For many organisations, server virtualisation has become a key compnent of the DR strategy, because it enables greater flexibility with computing resources.
"Virtualisation has the potential to speed up the implementation of a disaster recovery strategy and the actual recovery in case of a disaster," says Ariel Silverstone, an independent information security consultant and former CISO of Expedia, who blogs at www.ArielSilverstone.com.
"It also has the ability to make disaster recovery more of an IT function rather than a corporate audit-type function," Silverstone says. "If you have the right policies and processes in place, [with virtualisation] disaster recovery can become part of automatically deploying any server."
Virtualisation enables companies to create an image of an entire data center that can be quickly activated - in part or in whole - when needed, at a relatively low cost, Silverstone says.
For Teradyne Inc., a North Reading, Mass., supplier of test equipment for electronic systems, virtualisation has been an enabler for a much improved DR capability, says Chuck Ciali, CIO.
"We have leveraged virtualization for DR significantly," Ciali says. Using virtualization technology from VMware, Teradyne can seamlessly fail over to redundant blade servers in the case of hardware problems. It can also use the technology to move workloads from its commercial data center to its research and development data center in case of disasters.
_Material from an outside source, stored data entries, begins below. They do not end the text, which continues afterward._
Variables (P : rel (seq nat)) (R : nat -> nat -> nat -> nat -> bool).
Hypothesis P_subset : forall A A' B B' : seq nat,
  {subset A' <= A} -> {subset B' <= B} -> P A B -> P A' B'.
Hypothesis R_indecomposable : forall a b c d i, 0 < i < 4 -> R a b c d ->
  ~~ P (take i [:: a; b; c; d]) (drop i [:: a; b; c; d]).

Lemma occurs_cat (A B : seq nat) : P A B -> occurs R (A ++ B) = occurs R A || occurs R B.
Proof.
move=> PAB; apply/idP/orP => [/occursP[a [b [c [d [/subseq_catE[i [HA HB]] HR]]]]]|].
  have [i0|i_gt0] := posnP i.
    by right; apply/occursP; exists a, b, c, d; rewrite i0 drop0 in HB.
  have [i4|i_lt4] := leqP 4 i.
    by left; apply/occursP; exists a, b, c, d; rewrite take_oversize in HA.
  have i_mid : 0 < i < 4 by rewrite i_gt0 i_lt4.
  have /negP[] := R_indecomposable i_mid HR.
  exact: P_subset (mem_subseq HA) (mem_subseq HB) PAB.
by case=> H; apply: (occurs_subseq _ H); rewrite ?prefix_subseq ?suffix_subseq.
Qed.

End PatternsInSums.

Lemma separable_cat_below (A B : seq nat) :
  below A B -> separable (A ++ B) = separable A && separable B.
Proof.
move=> AB; rewrite /separable !(occurs_cat below_subset) //.
  by case: (occurs _ A); case: (occurs _ B); case: (occurs _ A); case: (occurs _ B).
all: by move=> a b c d [|[|[|[|i]]]] //= _; rewrite /pat2413 /pat3142 /below /=; lia.
Qed.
"This has taken our recovery time from weeks [or] days under our former tape-based model to hours for critical workloads," and saves $300,000 per year in DR contract services, Ciali says.
Marist College has deployed virtualization, and one of the benefits is avoiding systems unavailability. "We do all we can to avoid any event that would cause users dissatisfaction, loss of access or loss of functionality," Thirsk says. "To do so, we utilise massive virtualisation of our processors, our network topology and our storage."
Because Marist IT can now provide a virtual server, virtual network and spin out storage, "our systems assurance activities move along at a very rapid rate," Thirsk says.
"If at any point of testing something goes horribly wrong, we can decide to trash it and start over or continue forward, all without much trouble at all on the system side."
On the whole, server virtualization has made DR a lot easier, Dines says. "Because virtual machines are much more portable than physical machines and they can be easily booted on disparate hardware, a lot of companies are using virtualization as a critical piece of their recovery efforts," she says.
There are lots of offerings in the market that can perform tasks such as automating rapid virtual machine rebooting, replicating virtual machines at the hypervisor layer with heterogeneous storage, and turning backups of physical or virtual machines into bootable virtual machines, Dines says.
"Ultimately, virtualisation means companies can get a faster RTO [recovery time objective] for less money," she says.
On the downside, the popularity of virtualisation has led to virtual machine sprawl at many organizations, which can make DR more complex. "Companies have the [virtualization] structure in place that gives them the ability to create many more images, including some they do not even know about or plan for," Silverstone says. "And they can do so very quickly."
Another potential negative is that virtualisation might give organizations a false sense of security. "People may fail to plan properly for disaster recovery, assuming that everything will be handled by virtualization," Silverstone says. "There are certain machines that for various reasons are not likely to be virtualized, so using virtualization does not replace the need for proper disaster recovery planning and testing."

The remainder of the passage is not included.